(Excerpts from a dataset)
·····

(* Let $x_1,\dots,x_N$ be observed data points and consider the mixture model with $K$ components $$p(x_n\mid \mathbf{p}_n;\mathbf{a})=\sum_{k=1}^K p_{n,k}\,\pi_k(x_n;a_k),$$ where $\mathbf{p}_n=(p_{n,1},\dots,p_{n,K})\in\Delta^K$ are sample-dependent mixing probabilities, $\pi_k(\cdot;a_k)$ are component densities with parameters $\mathbf{a}=(a_1,\dots,a_K)$, and $\boldsymbol\theta=((\mathbf{p}_n)_n,\mathbf{a})$. Complete each sample with a latent class $C_n\in\{1,\dots,K\}$ and a vector $\mathbf{B}_n\in\mathbb{R}^K$ serving as the parameter of a Dirichlet prior on $\mathbf{p}_n$, so that the completed log-posterior is $$\ell(\boldsymbol\theta;(x_n,C_n,\mathbf{B}_n)_n)=\sum_{n=1}^N\ln \mathrm{Dir}(\mathbf{p}_n\mid\mathbf{B}_n)+\sum_{n=1}^N\sum_{k=1}^K\delta_k^{C_n}\big[\ln p_{n,k}+\ln\pi_k(x_n;a_k)\big],$$ with $\mathrm{Dir}(\mathbf{p}\mid\mathbf{b})=\frac{\Gamma(\sum_k b_k)}{\prod_k\Gamma(b_k)}\prod_k p_k^{b_k-1}$. For all $(n,k)\in\{1,\dots,N\}\times\{1,\dots,K\}$, let $f_{n,k}:\mathbb{R}^N\to\mathbb{R}$ be any linear function such that $f_{n,k}([0,+\infty[^N)\subset\mathbb{R}_+$, and set $$\mathbf{B}_n=\big(f_{n,1}(\delta_1^{C_\cdot})-\delta_1^{C_n}+1,\dots,f_{n,K}(\delta_K^{C_\cdot})-\delta_K^{C_n}+1\big),$$ where $\delta_k^{C_\cdot}=(\delta_k^{C_1},\dots,\delta_k^{C_N})\in\mathbb{R}^N$. Then, in the EM algorithm (E-step: take the conditional expectation of $\ell$ given the data $(x_n)_n$ and the previous estimate $\boldsymbol\theta^{(t)}$; M-step: maximize it over $\boldsymbol\theta$ subject to $\mathbf{p}_n\in\Delta^K$), the mixing probability updates are $$\forall (n,k),\quad p_{n,k}^{(t+1)}=\frac{f_{n,k}(\tau_{\cdot,k}^{(t)})}{\sum_{k'=1}^K f_{n,k'}(\tau_{\cdot,k'}^{(t)})},$$ where $\tau_{n,k}^{(t)}=P(C_n=k\mid x_n,\boldsymbol\theta^{(t)})$ is the posterior probability of component $k$ for sample $x_n$ at the previous E-step and $\tau_{\cdot,k}^{(t)}=(\tau_{1,k}^{(t)},\dots,\tau_{N,k}^{(t)})$.
   Context: $\Delta^K$ denotes the $K$-dimensional probability simplex. $\delta_i^j$ is the Kronecker symbol. The posterior at step $t$ is $\tau_{n,k}^{(t)}=p_{n,k}^{(t)}\pi_k(x_n;a_k^{(t)})/\sum_{j}p_{n,j}^{(t)}\pi_j(x_n;a_j^{(t)})$. *)

From mathcomp Require Import all_boot all_order all_algebra.
From mathcomp Require Import all_classical all_reals all_analysis.
Set Implicit Arguments. Unset Strict Implicit. Unset Printing Implicit Defensive.
Import Order.TTheory GRing.Theory Num.Theory.
Local Open Scope ring_scope.
Local Open Scope classical_set_scope.

Section EMDefs.
Variable R : realType.

(* Euler Gamma function Gamma(x) = int_0^oo t^(x-1) e^(-t) dt
   (Lebesgue integral; only meaningful for x > 0). *)
Definition Gamma (x : R) : R :=
  Rintegral (@lebesgue_measure R) `]0, +oo[%classic
    (fun t => t `^ (x - 1) * expR (- t)).

Definition in_simplex (K : nat) (q : 'I_K -> R) : Prop :=
  (forall k, 0 <= q k) /\ \sum_(k < K) q k = 1.

(* Open simplex (all coordinates positive): the domain where ln p_k and the
   Dirichlet log-density are defined. *)
Definition in_open_simplex (K : nat) (q : 'I_K -> R) : Prop :=
  (forall k, 0 < q k) /\ \sum_(k < K) q k = 1.

Definition lnDir (K : nat) (b q : 'I_K -> R) : R :=
  ln (Gamma (\sum_(k < K) b k)) - \sum_(k < K) ln (Gamma (b k))
  + \sum_(k < K) (b k - 1) * ln (q k).

Definition delta_row (N K : nat) (C : 'I_N -> 'I_K) (k : 'I_K) : 'rV[R]_N :=
  \row_(i < N) (C i == k)%:R.

Definition Bvec (N K : nat) (f : 'I_N -> 'I_K -> 'rV[R]_N -> R^o)
  (C : 'I_N -> 'I_K) (n : 'I_N) : 'I_K -> R :=
  fun k => f n k (delta_row C k) - (C n == k)%:R + 1.

Definition complete_logpost (X A : Type) (N K : nat)
  (pi : 'I_K -> X -> A -> R) (f : 'I_N -> 'I_K -> 'rV[R]_N -> R^o)
  (x : 'I_N -> X) (p : 'I_N -> 'I_K -> R) (a : 'I_K -> A)
  (C : 'I_N -> 'I_K) : R :=
  \sum_(n < N) lnDir (Bvec f C n) (p n)
  + \sum_(n < N) \sum_(k < K)
      (C n == k)%:R * (ln (p n k) + ln (pi k (x n) (a k))).

Definition tau (X A : Type) (N K : nat) (pi : 'I_K -> X -> A -> R)
  (x : 'I_N -> X) (p : 'I_N -> 'I_K -> R) (a : 'I_K -> A)
  (n : 'I_N) (k : 'I_K) : R :=
  p n k * pi k (x n) (a k) / \sum_(j < K) p n j * pi j (x n) (a j).

Definition tau_row (X A : Type) (N K : nat) (pi : 'I_K -> X -> A -> R)
  (x : 'I_N -> X) (p : 'I_N -> 'I_K -> R) (a : 'I_K -> A) (k : 'I_K)
  : 'rV[R]_N :=
  \row_(n < N) tau pi x p a n k.

(* E-step: conditional expectation of l(theta; .) given the data and the
   previous estimate theta^(t) = (pt, at); given these, the latent classes
   C_1..C_N are independent with P(C_n = k | x_n, theta^(t)) = tau_{n,k}. *)
Definition Qfun (X A : Type) (N K : nat) (pi : 'I_K -> X -> A -> R)
  (f : 'I_N -> 'I_K -> 'rV[R]_N -> R^o) (x : 'I_N -> X)
  (pt : 'I_N -> 'I_K -> R) (at_ : 'I_K -> A)
  (p : 'I_N -> 'I_K -> R) (a : 'I_K -> A) : R :=
  \sum_(C : {ffun 'I_N -> 'I_K})
    (\prod_(n < N) tau pi x pt at_ n (C n)) * complete_logpost pi f x p a C.

End EMDefs.

From mathcomp Require Import all_boot all_order all_algebra.
From mathcomp Require Import all_classical all_reals all_analysis.
From mathcomp Require Import ring lra.
Set Implicit Arguments. Unset Strict Implicit. Unset Printing Implicit Defensive.
Import Order.TTheory GRing.Theory Num.Theory.
Local Open Scope ring_scope.

(* Given theta^(t), the classes C_n are independent with laws tau_n, so by
   linearity of the f_{n,k} the expected Dirichlet exponents collapse and, as a
   function of p, Q is a constant plus sum_n sum_k f_{n,k}(tau_{.,k}) ln p_{n,k}.
   By Gibbs' inequality each row of this sum is maximal on the simplex exactly
   at the normalized weights r_n.  As r_n may lie on the boundary, the
   optimality of p* on the open simplex is tested at the midpoint (p* + r)/2;
   concavity of ln then shows that the rows of p* sum to at least those of r,
   which by Gibbs forces p*_n = r_n for every n. *)

Lemma linear_sumZ (R : pzRingType) (U V : lmodType R) (f : U -> V)
    (I : finType) (w : I -> R) (v : I -> U) :
  linear f -> f (\sum_i w i *: v i) = \sum_i w i *: f (v i).
Proof.
move=> f_lin; have [fZ fD] := GRing.semilinear_linear f_lin.
have f0 : f 0 = 0 by rewrite -[0 in LHS](subrr 0) (zmod_morphism_linear f_lin) subrr.
by rewrite (big_morph f fD f0); apply: eq_bigr => i _; rewrite fZ.
Qed.

Lemma sum_ffun_prod_indicator (R : comRingType) (I J : finType) (t : I -> J -> R) :
  (forall i, \sum_j t i j = 1) ->
  forall i0 j0, \sum_(C : {ffun I -> J}) (\prod_i t i (C i)) * (C i0 == j0)%:R = t i0 j0.
Proof.
move=> t_sum1 i0 j0.
pose G i j := t i j * (if i == i0 then (j == j0)%:R else 1).
transitivity (\sum_(C : {ffun I -> J}) \prod_i G i (C i)).
  apply: eq_bigr => C _; rewrite big_split /=; congr (_ * _).
  by rewrite (bigD1 i0) //= eqxx big1 ?mulr1 // => i /negPf ->.
have G_sum1 i : i != i0 -> \sum_j G i j = 1.
  by move=> /negPf ii0; rewrite -[RHS](t_sum1 i); apply: eq_bigr => j _; rewrite /G ii0 mulr1.
rewrite -bigA_distr_bigA (bigD1 i0) //= (eq_bigr _ G_sum1) big1_eq mulr1.
rewrite (bigD1 j0) //= big1 ?addr0; first by rewrite /G !eqxx mulr1.
by move=> j /negPf jj0; rewrite /G eqxx jj0 mulr0.
Qed.

Section Ln.
Variable R : realType.

Lemma ln_leif_subr1 (y : R) : 0 < y -> ln y <= y - 1 ?= iff (y == 1).
Proof.
have ln_le (z : R) : 0 < z -> ln z <= z - 1.
  by move=> z0; have := @le_ln1Dx R (z - 1); rewrite [1 + _]addrC subrK; apply; lra.
move=> y0; split; first exact: ln_le.
apply/eqP/eqP => [lnyE|->]; last by rewrite ln1 subrr.
(* With [s = sqrt y], [ln y = 2 ln s <= 2 (s - 1)] forces [(s - 1)^2 <= 0]. *)
set s := Num.sqrt y; have s0 : 0 < s by rewrite sqrtr_gt0.
have yE : y = s ^+ 2 by rewrite sqr_sqrtr // ltW.
have : ln y <= 2 * (s - 1) by rewrite yE lnXn // mulr_natl lerMn2r ln_le.
rewrite lnyE yE => h; have /eqP : (s - 1) ^+ 2 = 0 by apply/le_anti; rewrite sqr_ge0; lra.
by rewrite sqrf_eq0 subr_eq0 => /eqP ->; rewrite expr1n.
Qed.

Lemma ln_midpoint_ge (a b : R) : 0 < a -> 0 < b -> ln a + ln b <= 2 * ln ((a + b) / 2).
Proof.
move=> a0 b0; have m0 : 0 < (a + b) / 2 by rewrite divr_gt0 ?addr_gt0.
rewrite -lnM // mulr_natl -lnXn // ler_ln ?posrE ?exprn_gt0 ?(mulr_gt0 a0 b0) //.
exact: leif_AGM2.
Qed.

End Ln.

Definition normalize (R : realType) (K : nat) (w : 'I_K -> R) : 'I_K -> R :=
  fun k => w k / \sum_(j < K) w j.

Definition weighted_ln (R : realType) (K : nat) (w q : 'I_K -> R) : R :=
  \sum_(k < K) w k * ln (q k).

Lemma open_simplex_midpoint (R : realType) (K : nat) (p q : 'I_K -> R) :
  in_open_simplex p -> in_simplex q -> in_open_simplex (fun k => (p k + q k) / 2).
Proof.
move=> [p_gt0 p_sum1] [q_ge0 q_sum1]; split => [k|].
  by rewrite divr_gt0 // ltr_wpDr.
by rewrite -mulr_suml big_split /= p_sum1 q_sum1 divff.
Qed.

Section Gibbs.
Variables (R : realType) (K : nat) (w : 'I_K -> R).
Hypotheses (w_ge0 : forall k, 0 <= w k) (w_sum_gt0 : 0 < \sum_(k < K) w k).

Lemma normalize_simplex : in_simplex (normalize w).
Proof.
split => [k|]; first by rewrite divr_ge0 // ltW.
by rewrite -mulr_suml divff // gt_eqF.
Qed.

Lemma normalize_gt0 k : w k != 0 -> 0 < normalize w k.
Proof. by move=> wk_neq0; rewrite divr_gt0 // lt_def wk_neq0 w_ge0. Qed.

Lemma gibbs_term_leif k (y : R) : 0 < y ->
  w k * ln y - w k * ln (normalize w k) <= (\sum_(j < K) w j) * y - w k
    ?= iff (y == normalize w k).
Proof.
move=> y_gt0; have [wk0|wk_neq0] := eqVneq (w k) 0.
  (* Then [normalize w k = 0 < y]: neither side holds, whatever the value of [ln 0]. *)
  rewrite /normalize wk0 !mul0r subrr subr0; split; first by rewrite ltW ?mulr_gt0.
  by rewrite eq_sym !mulf_eq0 !gt_eqF.
have r_gt0 := normalize_gt0 wk_neq0; have wk_gt0 : 0 < w k by rewrite lt_def wk_neq0 w_ge0.
have -> : (\sum_(j < K) w j) * y - w k = w k * (y / normalize w k - 1).
  by rewrite /normalize; field; rewrite wk_neq0 gt_eqF.
rewrite -mulrBr -ln_div ?posrE // (mono_leif (ler_pM2l wk_gt0)).
have [ln_le ln_eq] := ln_leif_subr1 (divr_gt0 y_gt0 r_gt0).
split => //; rewrite ln_eq; apply/eqP/eqP => [/divr1_eq|->] //.
by rewrite divff // gt_eqF.
Qed.

Lemma gibbs_leif (p : 'I_K -> R) : in_open_simplex p ->
  weighted_ln w p <= weighted_ln w (normalize w) ?= iff [forall k, p k == normalize w k].
Proof.
move=> [p_gt0 p_sum1].
rewrite -[weighted_ln w (normalize w)]add0r -leifBLR /weighted_ln -sumrB.
have := leif_sum (P := xpredT) (fun k _ => gibbs_term_leif k (p_gt0 k)).
by rewrite !sumrB -mulr_sumr p_sum1 mulr1 subrr.
Qed.

Lemma weighted_ln_midpoint (p : 'I_K -> R) : (forall k, 0 < p k) ->
  weighted_ln w p + weighted_ln w (normalize w)
    <= 2 * weighted_ln w (fun k => (p k + normalize w k) / 2).
Proof.
move=> p_gt0; rewrite /weighted_ln -big_split mulr_sumr; apply: ler_sum => k _ /=.
have [wk0|wk_neq0] := eqVneq (w k) 0; first by rewrite wk0 !mul0r addr0 mulr0.
rewrite -mulrDr mulrCA ler_wpM2l //.
exact: ln_midpoint_ge (normalize_gt0 wk_neq0).
Qed.

End Gibbs.

Lemma lnDirB (R : realType) (K : nat) (b p q : 'I_K -> R) :
  lnDir b p - lnDir b q = \sum_(k < K) (b k - 1) * (ln (p k) - ln (q k)).
Proof.
rewrite /lnDir opprD addrACA subrr add0r -sumrB.
by apply: eq_bigr => k _; rewrite mulrBr.
Qed.

Lemma complete_logpostB (R : realType) (X A : Type) (N K : nat)
    (pi : 'I_K -> X -> A -> R) (f : 'I_N -> 'I_K -> 'rV[R]_N -> R^o)
    (x : 'I_N -> X) (p q : 'I_N -> 'I_K -> R) (a : 'I_K -> A) (C : 'I_N -> 'I_K) :
  complete_logpost pi f x p a C - complete_logpost pi f x q a C
  = \sum_(n < N) \sum_(k < K) f n k (delta_row R C k) * (ln (p n k) - ln (q n k)).
Proof.
rewrite /complete_logpost opprD addrACA -!sumrB -big_split /=.
apply: eq_bigr => n _; rewrite lnDirB -sumrB -big_split /=.
by apply: eq_bigr => k _; rewrite /Bvec; ring.
Qed.

Section EStep.
Variables (R : realType) (X A : Type) (N K : nat).
Variables (x : 'I_N -> X) (pi : 'I_K -> X -> A -> R).
Variables (pt : 'I_N -> 'I_K -> R) (at_ : 'I_K -> A).
Hypotheses (pi_gt0 : forall k y a, 0 < pi k y a) (pt_simplex : forall n, in_simplex (pt n)).

Lemma tau_ge0 n k : 0 <= tau pi x pt at_ n k.
Proof.
have pt_ge0 := (pt_simplex n).1.
have term_ge0 j : 0 <= pt n j * pi j (x n) (at_ j) by rewrite mulr_ge0 // ltW.
by rewrite divr_ge0 ?sumr_ge0.
Qed.

Lemma tau_sum1 n : \sum_(k < K) tau pi x pt at_ n k = 1.
Proof.
have [pt_ge0 pt_sum1] := pt_simplex n.
rewrite /tau -mulr_suml divff //; apply/eqP => Z_eq0.
have term_eq0 j : pt n j * pi j (x n) (at_ j) = 0.
  by apply: (psumr_eq0P _ Z_eq0) => // l _; rewrite mulr_ge0 // ltW.
move/eqP: pt_sum1; rewrite big1 ?(eq_sym 0) ?oner_eq0 // => j _.
by move/eqP: (term_eq0 j); rewrite mulf_eq0 (gt_eqF (pi_gt0 _ _ _)) orbF => /eqP.
Qed.

Lemma sum_tau_delta_row k :
  \sum_(C : {ffun 'I_N -> 'I_K}) (\prod_(n < N) tau pi x pt at_ n (C n)) *: delta_row R C k
  = tau_row pi x pt at_ k.
Proof.
apply/rowP => i; rewrite summxE !mxE -[RHS](sum_ffun_prod_indicator tau_sum1 i k).
by apply: eq_bigr => C _; rewrite !mxE.
Qed.

Lemma QfunB (f : 'I_N -> 'I_K -> 'rV[R]_N -> R^o) (p q : 'I_N -> 'I_K -> R) (a : 'I_K -> A) :
  (forall n k, linear (f n k)) ->
  Qfun pi f x pt at_ p a - Qfun pi f x pt at_ q a
  = \sum_(n < N) (weighted_ln (fun k => f n k (tau_row pi x pt at_ k)) (p n)
                  - weighted_ln (fun k => f n k (tau_row pi x pt at_ k)) (q n)).
Proof.
move=> f_lin; rewrite /Qfun -sumrB.
under eq_bigr do rewrite -mulrBr complete_logpostB mulr_sumr.
rewrite exchange_big; apply: eq_bigr => n _; rewrite /weighted_ln -sumrB.
under eq_bigr do rewrite mulr_sumr.
rewrite exchange_big; apply: eq_bigr => k _; rewrite -mulrBr.
under eq_bigr do rewrite mulrA.
by rewrite -mulr_suml -sum_tau_delta_row (linear_sumZ _ _ (f_lin n k)).
Qed.

End EStep.

Theorem proposition1 (R : realType) (X A : Type) (N K : nat)
  (x : 'I_N -> X) (pi : 'I_K -> X -> A -> R)
  (f : 'I_N -> 'I_K -> 'rV[R]_N -> R^o)
  (pt : 'I_N -> 'I_K -> R) (at_ : 'I_K -> A) :
  (forall k y a, 0 < pi k y a) ->
  (forall n k, linear (f n k)) ->
  (forall n k (v : 'rV[R]_N), (forall i, 0 <= v ord0 i) -> 0 <= f n k v) ->
  (forall n, in_simplex (pt n)) ->
  (forall n, \sum_(k < K) f n k (tau_row pi x pt at_ k) != 0) ->
  forall (pstar : 'I_N -> 'I_K -> R) (astar : 'I_K -> A),
    (forall n, in_open_simplex (pstar n)) ->
    (forall (p : 'I_N -> 'I_K -> R) (a : 'I_K -> A),
        (forall n, in_open_simplex (p n)) ->
        Qfun pi f x pt at_ p a <= Qfun pi f x pt at_ pstar astar) ->
    forall n k,
      pstar n k = f n k (tau_row pi x pt at_ k)
                  / \sum_(k' < K) f n k' (tau_row pi x pt at_ k').
Proof.
move=> pi_gt0 f_lin f_ge0 pt_simplex f_sum_neq0 pstar astar pstar_simplex pstar_max n k.
pose F n' k' := f n' k' (tau_row pi x pt at_ k').
have F_ge0 n' k' : 0 <= F n' k'.
  by apply: f_ge0 => i; rewrite mxE tau_ge0.
have F_sum_gt0 n' : 0 < \sum_(k' < K) F n' k'.
  by rewrite lt_def f_sum_neq0 sumr_ge0.
pose r n' := normalize (F n').
have gibbs n' := gibbs_leif (F_ge0 n') (F_sum_gt0 n') (pstar_simplex n').
have pstar_ge_r : \sum_(n' < N) weighted_ln (F n') (r n')
                  <= \sum_(n' < N) weighted_ln (F n') (pstar n').
  pose m n' k' := (pstar n' k' + r n' k') / 2.
  have m_simplex n' : in_open_simplex (m n').
    exact: open_simplex_midpoint (normalize_simplex (F_ge0 n') (F_sum_gt0 n')).
  have := pstar_max m astar m_simplex; rewrite -subr_le0 QfunB // sumrB.
  have : \sum_(n' < N) (weighted_ln (F n') (pstar n') + weighted_ln (F n') (r n'))
         <= \sum_(n' < N) 2 * weighted_ln (F n') (m n').
    apply: ler_sum => n' _.
    exact: (weighted_ln_midpoint (F_ge0 n') (F_sum_gt0 n') (pstar_simplex n').1).
  rewrite big_split -mulr_sumr /=; lra.
have sum_gibbs := leif_sum (P := xpredT) (fun n' _ => gibbs n').
suff /forallP/(_ n)/forallP/(_ k)/eqP : [forall n', forall k', pstar n' k' == r n' k'] by [].
by rewrite -sum_gibbs.2 eq_le sum_gibbs.1 pstar_ge_r.
Qed.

·····

Aim of the task: Search the lines above for the string "pose", then show every one that has it.

Answer space:
pose G i j := t i j * (if i == i0 then (j == j0)%:R else 1).
pose F n' k' := f n' k' (tau_row pi x pt at_ k').
pose r n' := normalize (F n').
  pose m n' k' := (pstar n' k' + r n' k') / 2.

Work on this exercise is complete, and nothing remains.